Jensen-Coon: The Irony Behind the Failing Perfectionist


By Kelcy Jensen-

“Fail. I cannot fail. Failure is for people who are weak, people who can’t pull themselves up by their bootstraps. If I fail, I am nothing. If failure makes its way into my life, the people I care about most won’t love me anymore.”

These types of thoughts roll through a perfectionist’s mind regularly. They often base their worth on whether they perceive themselves to have failed based on unrealistic expectations. It is time perfectionists release themselves from this relentless fettering nuisance.

Perfectionism can be described as accepting nothing below impeccable, foolproof or matchless. This is a plague that affects many of us. We want to be the best at everything we do: be competitive in our field, look the best, have the best. Unachievable ideals kill self-efficacy and confidence. While appearing perfect on the outside, perfectionists are crumbling on the inside. Living like this day after day creates a sense of dread, anxiety and fear. Extremes are never beneficial, so let us find a way to redeem ourselves from the perfectionistic extreme.

What happens when a reasonable goal becomes unobtainable? It seems a daunting feeling of guilt and of being inadequate sweep through a person’s mind. Does the goal actually become unobtainable, or does perfectionism mask the reality of not being able to obtain an impeccable result from the start?

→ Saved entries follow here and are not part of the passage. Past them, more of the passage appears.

Lemma line_eq_of_cross0 (u v : C) : u <> 0%C -> v <> 0%C -> cross u v = 0 ->
  line v = line u.
Proof.
intros Hu Hv Hc.
assert (Hn := dot_self_neq0 u Hu).
set (k := dot u v / dot u u).
assert (E : v = (RtoC k * u)%C).
{ unfold k, dot, cross in *; destruct u as [u1 u2], v as [v1 v2]; simpl in *.
  assert (H1 : (u1*v1 + u2*v2)*u1 = v1*(u1*u1+u2*u2) + u2*(u1*v2 - u2*v1)) by ring.
  assert (H2 : (u1*v1 + u2*v2)*u2 = v2*(u1*u1+u2*u2) - u1*(u1*v2 - u2*v1)) by ring.
  rewrite Hc, Rmult_0_r in H1, H2.
  Ceq.
  - replace v1 with ((u1*v1 + u2*v2)*u1 / (u1*u1+u2*u2)) at 1 by (rewrite H1; field; auto).
    field; auto.
  - replace v2 with ((u1*v1 + u2*v2)*u2 / (u1*u1+u2*u2)) at 1 by (rewrite H2; field; auto).
    field; auto. }
rewrite E; apply line_scale.
intros Hk; apply Hv; rewrite E, Hk; destruct u; Ceq; ring.
Qed.

Lemma line_eq_scale (u v : C) : line u = line v -> exists r, u = (RtoC r * v)%C.
Proof.
intros E. assert (H : line u u) by (exists 1; destruct u; Ceq; ring).
rewrite E in H. exact H.
Qed.

Lemma Q_subspace_comb V a b x y : is_Q_subspace V -> is_rat a -> is_rat b ->
  V x -> V y -> V (RtoC a * x + RtoC b * y)%C.
Proof. intros [_ [HA HS]] Ha Hb Hx Hy. apply HA; apply HS; auto. Qed.

Lemma coords_unique (p q : C) X Y X' Y' : cross p q <> 0 ->
  (RtoC X * p + RtoC Y * q = RtoC X' * p + RtoC Y' * q)%C -> X = X' /\ Y = Y'.
Proof.
intros Hc E.
destruct (R_indep_of_cross p q Hc (X - X') (Y - Y')) as [E1 E2]; [|split; lra].
destruct p, q; apply (f_equal fst) in E as Ef; apply (f_equal snd) in E as Es;
  simpl in *; Ceq; lra.
Qed.

Lemma Q_generated_of_cross V (w1 w2 p q : C) : Q_generated w1 w2 V ->
  V p -> V q -> cross p q <> 0 -> Q_generated p q V.
Proof.
intros Hgen Hp Hq Hc v Hv.
destruct (Hgen p Hp) as [a [b [Ha [Hb Ep]]]].
destruct (Hgen q Hq) as [c [d [Hc' [Hd Eq]]]].
destruct (Hgen v Hv) as [e [f [He [Hf Ev]]]].
rewrite Ep, Eq, cross_comb in Hc.
assert (HD : a * d - b * c <> 0) by (intro E; apply Hc; rewrite E; ring).
assert (HK : cross w1 w2 <> 0) by (intro E; apply Hc; rewrite E; ring).
exists ((e * d - c * f) / (a * d - b * c)), ((a * f - b * e) / (a * d - b * c)).
split; [|split].
- apply is_rat_div; apply is_rat_minus; apply is_rat_mult; auto.
- apply is_rat_div; apply is_rat_minus; apply is_rat_mult; auto.
- subst; destruct w1, w2; Ceq; field; auto.
Qed.

(* Equivalent to [t = cot (q * PI)], since [sin] and [cos] never vanish together. *)
Definition rat_cot (t : R) : Prop :=
  exists q, is_rat q /\ t * sin (q * PI) = cos (q * PI).

Lemma rat_cot_of_arg_rat_pi (v1 v2 : C) : v1 <> 0%C ->
  Im (v2 / v1) <> 0 -> arg_rat_pi (v2 / v1) ->
  cross v1 v2 <> 0 /\ rat_cot (dot v1 v2 / cross v1 v2).
Proof.
intros H0 HI [q [Hq E]].
assert (Hn := dot_self_neq0 v1 H0).
assert (Ei : Im (v2 / v1) = cross v1 v2 / dot v1 v1).
{ destruct v1, v2; unfold cross, dot in *; simpl in *.
  unfold Cdiv, Cinv, Cmult, Im; simpl; field; auto. }
assert (Er : Re (v2 / v1) = dot v1 v2 / dot v1 v1).
{ destruct v1, v2; unfold dot in *; simpl in *.
  unfold Cdiv, Cinv, Cmult, Re; simpl; field; auto. }
set (w := (v2 / v1)%C) in *.
assert (E1 : Re w = Cmod w * cos (q * PI)) by (rewrite E at 1; unfold Re; simpl; ring).
assert (E2 : Im w = Cmod w * sin (q * PI)) by (rewrite E at 1; unfold Im; simpl; ring).
assert (Hc : cross v1 v2 <> 0) by (intro Hc; apply HI; rewrite Ei, Hc; unfold Rdiv; ring).
split; [exact Hc|exists q; split; [exact Hq|]].
assert (Hd : dot v1 v2 = dot v1 v1 * (Cmod w * cos (q * PI)))
  by (rewrite <- E1, Er; field; auto).
assert (Hc' : cross v1 v2 = dot v1 v1 * (Cmod w * sin (q * PI)))
  by (rewrite <- E2, Ei; field; auto).
assert (Hs : Cmod w * sin (q * PI) <> 0) by (rewrite <- E2; auto).
rewrite Hd, Hc'. field.
repeat split; auto; intro Z; apply Hs; rewrite Z; ring.
Qed.

Lemma cot_in_qspan_gram (w1 w2 v1 v2 : C) a b c d :
  v1 = (RtoC a * w1 + RtoC b * w2)%C -> v2 = (RtoC c * w1 + RtoC d * w2)%C ->
  is_rat a -> is_rat b -> is_rat c -> is_rat d -> cross v1 v2 <> 0 ->
  qspan (gram w1 w2) (dot v1 v2 / cross v1 v2).
Proof.
intros E1 E2 Ha Hb Hc Hd Hx.
rewrite E1, E2, cross_comb in Hx.
assert (HD : a * d - b * c <> 0) by (intro E; apply Hx; rewrite E; ring).
assert (HK : cross w1 w2 <> 0) by (intro E; apply Hx; rewrite E; ring).
rewrite E1, E2, cross_comb, dot_comb.
replace ((a * c * dot w1 w1 + (a * d + b * c) * dot w1 w2 + b * d * dot w2 w2) /
   ((a * d - b * c) * cross w1 w2)) with
  ((a * c / (a * d - b * c)) * (dot w1 w1 / cross w1 w2) +
   ((a * d + b * c) / (a * d - b * c)) * (dot w1 w2 / cross w1 w2) +
   (b * d / (a * d - b * c)) * (dot w2 w2 / cross w1 w2)) by (field; auto).
assert (HD' : is_rat (a * d - b * c)) by (apply is_rat_minus; apply is_rat_mult; auto).
repeat apply qspan_add; apply qspan_scal;
  try (apply is_rat_div; [|exact HD']);
  try (apply is_rat_plus); try (apply is_rat_mult); auto;
  try (apply is_rat_mult; auto);
  apply qspan_in; simpl; auto.
Qed.

(* [(t, 1)] is [t + i], whose argument is the angle with cotangent [t]. *)
Definition angle_with_cot (V : C -> Prop) (t : R) (A : (C -> Prop) * (C -> Prop)) : Prop :=
  exists u1 u2 s, V u1 /\ V u2 /\ u1 <> 0%C /\ s <> 0 /\
    u2 = (RtoC s * ((t, 1) * u1))%C /\ A = (line u1, line u2).
Lemma dpl_inner5 (A B : R -> VR) (a b : VR) (x : R) :
  (forall i, (i < 5)%nat -> derivable_pt_lim (fun s => A s i) x (a i)) ->
  (forall i, (i < 5)%nat -> derivable_pt_lim (fun s => B s i) x (b i)) ->
  derivable_pt_lim (fun s => inner5 (A s) (B s)) x (inner5 a (B x) + inner5 (A x) b).
Proof.
  intros HA HB. unfold inner5.
  eapply dpl_eq; [apply (dpl_sum5_mult (fun k s => eta k * A s k) (fun k s => B s k)
                                       (fun k => eta k * a k) b)|unfold sum5; cbv beta; ring].
  - intros k Hk. cbv beta. eapply dpl_eq; [apply dpl_mult; [apply dpl_const|apply HA; auto]|cbv beta; ring].
  - exact HB.
Qed.

Definition DxV (A : R -> R -> VR) (a b : R) (v : VR) : Prop :=
  forall i, (i < 5)%nat -> Dx (fun a b => A a b i) a b (v i).
Definition DyV (A : R -> R -> VR) (a b : R) (v : VR) : Prop :=
  forall i, (i < 5)%nat -> Dy (fun a b => A a b i) a b (v i).

Lemma Dx_inner5 (U : R -> R -> Prop) (A B : R -> R -> VR) (g : R -> R -> R) (Ax Bx : VR) (a b l : R) :
  openU U -> U a b -> (forall a' b', U a' b' -> inner5 (A a' b') (B a' b') = g a' b') ->
  DxV A a b Ax -> DxV B a b Bx -> Dx g a b l -> inner5 Ax (B a b) + inner5 (A a b) Bx = l.
Proof.
  intros HU Hab E HA HB Hg. apply (uniqueness_limite (fun s => g s b) a); [|exact Hg].
  apply (Dx_local U HU (fun a b => inner5 (A a b) (B a b))); auto.
  apply (dpl_inner5 (fun s => A s b) (fun s => B s b)); auto.
Qed.

Lemma Dy_inner5 (U : R -> R -> Prop) (A B : R -> R -> VR) (g : R -> R -> R) (Ay By : VR) (a b l : R) :
  openU U -> U a b -> (forall a' b', U a' b' -> inner5 (A a' b') (B a' b') = g a' b') ->
  DyV A a b Ay -> DyV B a b By -> Dy g a b l -> inner5 Ay (B a b) + inner5 (A a b) By = l.
Proof.
  intros HU Hab E HA HB Hg. apply (uniqueness_limite (fun s => g a s) b); [|exact Hg].
  apply (Dy_local U HU (fun a b => inner5 (A a b) (B a b))); auto.
  apply (dpl_inner5 (fun s => A a s) (fun s => B a s)); auto.
Qed.

Lemma smooth_vector_partials (U : R -> R -> Prop) (A : R -> R -> VR) (a b : R) :
  openU U -> U a b ->
  (forall i, (i < 5)%nat -> smooth U (fun x y => A x y i)) ->
  exists Ax Ay, DxV A a b Ax /\ DyV A a b Ay.
Proof.
  intros HU Hab HA.
  assert (H : forall i, (i < 5)%nat -> exists l : R * R,
             Dx (fun a b => A a b i) a b (fst l) /\ Dy (fun a b => A a b i) a b (snd l)).
  { intros i Hi. destruct (smooth_partials U HU _ (HA i Hi)) as [gx [gy [HD _]]].
    exists (gx a b, gy a b). apply HD, Hab. }
  destruct (choice5 _ H) as [v Hv].
  exists (fun i => fst (v i)), (fun i => snd (v i)). split; intros i Hi; apply Hv; auto.
Qed.

(* [gram5 M] is [M^T J M = J], so that [J M^T J] is a left inverse of [M]. *)
Definition gram5 (M : nat -> nat -> R) : Prop :=
  forall i j, (i < 5)%nat -> (j < 5)%nat ->
    sum5 (fun k => eta k * M k i * M k j) = (if Nat.eqb i j then eta i else 0).

Lemma gram5_inj (M : nat -> nat -> R) (v : nat -> R) : gram5 M ->
  (forall i, (i < 5)%nat -> sum5 (fun m => M i m * v m) = 0) ->
  forall l, (l < 5)%nat -> v l = 0.
Proof.
  intros HM Hv l Hl.
  assert (E : sum5 (fun m => sum5 (fun k => eta k * M k l * M k m) * v m) = 0).
  { transitivity (sum5 (fun k => eta k * M k l * sum5 (fun m => M k m * v m))).
    - unfold sum5; ring.
    - unfold sum5 at 1; cbv beta. rewrite !Hv by lia. ring. }
  unfold sum5 at 1 in E; cbv beta in E. rewrite !(HM l) in E by lia.
  unfold eta in E; do 5 (destruct l as [|l]; [simpl in E; lra|]). lia.
Qed.

Module RightInverse.
Import all_boot all_algebra Rstruct GRing.Theory.

Lemma sum5_right_inverse (F L : nat -> nat -> R) :
  (forall i j, lt i 5 -> lt j 5 ->
     sum5 (fun k => Rmult (L i k) (F k j)) = (if Nat.eqb i j then R1 else R0)) ->
  forall i j, lt i 5 -> lt j 5 ->
     sum5 (fun k => Rmult (F i k) (L k j)) = (if Nat.eqb i j then R1 else R0).
Proof.
move=> H i j Hi Hj.
pose MF := (\matrix_(a < 5, b < 5) F a b)%R : 'M[R]_5.
pose ML := (\matrix_(a < 5, b < 5) L a b)%R : 'M[R]_5.
have delta (a b : 'I_5) : (if Nat.eqb a b then R1 else R0) = ((a == b)%:R)%R.
  case: (PeanoNat.Nat.eqb_spec a b) => [ab|ab].
    by rewrite (val_inj ab) eqxx.
  suff -> : (a == b) = false by [].
  by apply/eqP => e; apply: ab; rewrite e.
have e : (ML *m MF)%R = 1%:M%R.
  apply/matrixP => a b; rewrite !mxE !big_ord_recr big_ord0 /= !mxE add0r -delta.
  exact: H (elimT ltP (ltn_ord a)) (elimT ltP (ltn_ord b)).
have := mulmx1C e => /matrixP /(_ (Ordinal (introT ltP Hi)) (Ordinal (introT ltP Hj))).
by rewrite !mxE !big_ord_recr big_ord0 /= !mxE add0r -delta.
Qed.
End RightInverse.

Lemma gram5_expand (M : nat -> nat -> R) (V : VR) : gram5 M ->
  forall i, (i < 5)%nat -> V i = sum5 (fun k => M i k * (eta k * inner5 (fun m => M m k) V)).
Proof.
  intros H.
  pose (L := fun k m => eta k * M m k * eta m).
  assert (HL : forall i j, (i < 5)%nat -> (j < 5)%nat ->
     sum5 (fun k => Rmult (L i k) (M k j)) = (if Nat.eqb i j then R1 else R0)).
  { intros i j Hi Hj. unfold L.
    transitivity (eta i * sum5 (fun k => eta k * M k i * M k j)); [unfold sum5; ring|].
    rewrite H by auto. destruct (Nat.eqb i j); [|ring].
    revert i Hi. apply fin5_ind; unfold eta; simpl; ring. }
  pose proof (RightInverse.sum5_right_inverse M L HL) as HR.
  intros i Hi.
  transitivity (sum5 (fun m => sum5 (fun k => Rmult (M i k) (L k m)) * V m)).
  - unfold sum5 at 1. rewrite !HR by lia. revert i Hi. apply fin5_ind; unfold sum5; simpl; ring.
  - unfold L, inner5, sum5. ring.
Qed.

(** * Moving frames and the Maurer-Cartan equation *)

(* [connection M D k j] is the [k]-th coordinate of the vector [D j] in the frame [M]. *)
Definition connection (M : nat -> nat -> R) (D : nat -> VR) (k j : nat) : R :=
  eta k * inner5 (fun m => M m k) (D j).

Lemma connection_so41 (M : R -> nat -> nat -> R) (D : nat -> VR) (s0 r : R) : r > 0 ->
  (forall s, Rabs (s - s0) < r -> gram5 (M s)) ->
  (forall i j, (i < 5)%nat -> (j < 5)%nat -> derivable_pt_lim (fun s => M s i j) s0 (D j i)) ->
  is_so41 (connection (M s0) D).
Proof.
  intros Hr HG HD k j Hk Hj. unfold connection.
  assert (E : inner5 (D k) (fun m => M s0 m j) + inner5 (fun m => M s0 m k) (D j) = 0).
  { apply (dpl_locally_const (fun s => inner5 (fun m => M s m k) (fun m => M s m j)) s0 r
             (if Nat.eqb k j then eta k else 0)); auto.
    - intros s Hs. exact (HG s Hs k j Hk Hj).
    - apply (dpl_inner5 (fun s m => M s m k) (fun s m => M s m j)); intros; apply HD; auto. }
  rewrite (inner5_sym (D k)) in E.
  transitivity ((eta k * eta k) * inner5 (fun m => M s0 m k) (D j) +
                (eta j * eta j) * inner5 (fun m => M s0 m j) (D k)); [ring|].
  rewrite !eta_sq. lra.
Qed.


Lemma so41_eq_lower (X Y : nat -> nat -> R) : is_so41 X -> is_so41 Y ->
  (forall k j, (j < k < 5)%nat -> X k j = Y k j) ->
  forall k j, (k < 5)%nat -> (j < 5)%nat -> X k j = Y k j.
Proof.
  intros HX HY Hup k j Hk Hj.
  pose proof (HX k j Hk Hj) as X1. pose proof (HY k j Hk Hj) as Y1.
  destruct (Nat.lt_total j k) as [lt|[<-|lt]].
  - apply Hup; lia.
  - unfold eta in *; destruct (Nat.eqb j 4); lra.
  - rewrite (Hup j k) in X1 by lia. unfold eta in *; destruct (Nat.eqb k 4), (Nat.eqb j 4); lra.
Qed.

I think our best is completely conceivable and it is arguably our own current perfection. If we are giving our best then we have achieved our highest level of ability for the time being. Interestingly, this also means that improvement is constant. An unrealistic obsession with perfectionism prevents someone from feeling successful by making its martyr feel they should be able to accomplish something quickly and without difficulty or error. This is perfectionism’s greatest myth, as such results are usually unattainable.

A common saying, “If I can’t do it well, I won’t do it at all,” proves this kind of thought process is detrimental to achieving anything. Waltzing through every task without effort and with perfect results is the type of image a perfectionist aspires to exhibit, leaving no room for the importance of vulnerability or learning to set in. If there were no effort it would appear there was no improvement necessary. Therefore, an opportunity to grow was lost. If we allow it to, improvement can be something that is motivating and exciting. Most importantly, it is crucial for finding ways to achieve and obtain success while also feeling successful.

Ironically these goals are exactly what the perfectionist is seeking, but likely won’t experience. Improvement does require time, reflection and vulnerability. In a TED talk called, “Tales of a Recovering Perfectionist,” by Adrianne Haslet-Davis, she becomes vulnerable by talking about her own perfectionistic traits. She repeatedly states that vulnerability is important for letting go of perfectionism. She no longer wanted it to control her, so she learned to control it and became a recovering perfectionist in order to find success.

Life is an adventure. Adventure is new, scary and exhilarating. It is full of surprises and opportunities. Failure will be among those things, and it makes an adventure an adventure. If life didn’t have failures it would be like riding a rollercoaster without turns, loops, inclines and declines — it would be boring and unfulfilling. Ultimately, we can either recognize our failures as opportunities to learn, or we can let the perfectionist inside dwell on them and never improve — the real failure. Let’s beat perfectionism by being vulnerable and finding a different foundation of worth.